Start at the line containing "From mathcomp Require Import complex." and transcribe every line exactly through the end of the records below, and only those lines.
:: RECORD EXTRACTS
(* Let $\varepsilon\in[0,1)$ and $\mathcal{P},\mathcal{E}\subseteq\mathcal{D}(P)$. Then $$\beta\overline{C}_{\mathrm{GPO},\varepsilon}(\mathcal{P},\mathcal{E})=D^{\mathcal{E}}_{\max,\varepsilon}(\mathcal{P}\|\mathcal{E}).$$
   Context: All Hilbert spaces are finite-dimensional; $\mathcal{D}(P)$ is the set of density operators on $P$; $T(X,Y)=\tfrac12\|X-Y\|_1$; $\mathcal{B}_\varepsilon(\mathcal{P})=\{\omega\in\mathcal{D}:T(\omega,\rho)\le\varepsilon\text{ for some }\rho\in\mathcal{P}\}$. Battery: qubit $B$ with basis $\{|0\rangle,|1\rangle\}$, $\pi_M=(1-\tfrac1M)|0\rangle\langle0|+\tfrac1M|1\rangle\langle1|$ for $M>1$, $\Pi_M=\{\pi_{M'}:M'\in[M,\infty)\}$. The one-shot work cost from a dirty battery under a class $\mathfrak{F}$ is $\beta\overline{C}_{\mathfrak{F},\varepsilon}(\mathcal{P},\mathcal{E})=\log\inf\{M>1:\exists\mathcal{F}\in\mathfrak{F}\text{ with } T(\mathcal{F}(|1\rangle\langle1|),\rho)\le\varepsilon\text{ for some }\rho\in\mathcal{P}\text{ and }\mathcal{F}(\sigma)\in\mathcal{E}\ \forall\sigma\in\Pi_M\}$; GPO here means the class of CPTP maps from $B$ to $P$, Gibbs preservation being the condition $\mathcal{F}(\Pi_M)\subseteq\mathcal{E}$. For $\mathcal{K}\subseteq\mathcal{D}$, with $\operatorname{cl}(\mathcal{K})$ its closure and $\mathcal{C}(\gamma,\omega,1/M)=\{(1-\lambda)\gamma+\lambda\omega:\lambda\in(0,1/M]\}$, the subspace-constrained max-relative entropy is $D^{\mathcal{K}}_{\max,\varepsilon}(\mathcal{P}\|\mathcal{E})=\log\inf\{M>1:\gamma\in\operatorname{cl}(\mathcal{K}),\ \omega\in\mathcal{B}_\varepsilon(\mathcal{P}),\ \mathcal{C}(\gamma,\omega,1/M)\subseteq\mathcal{E}\}$ (with $\log\inf\emptyset=+\infty$). *)

From mathcomp Require Import all_boot all_order all_algebra.
From mathcomp Require Import complex.
From mathcomp Require Import all_classical all_reals all_analysis.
::::
- TASK ANSWER
From mathcomp Require Import complex.
From mathcomp Require Import all_classical all_reals all_analysis.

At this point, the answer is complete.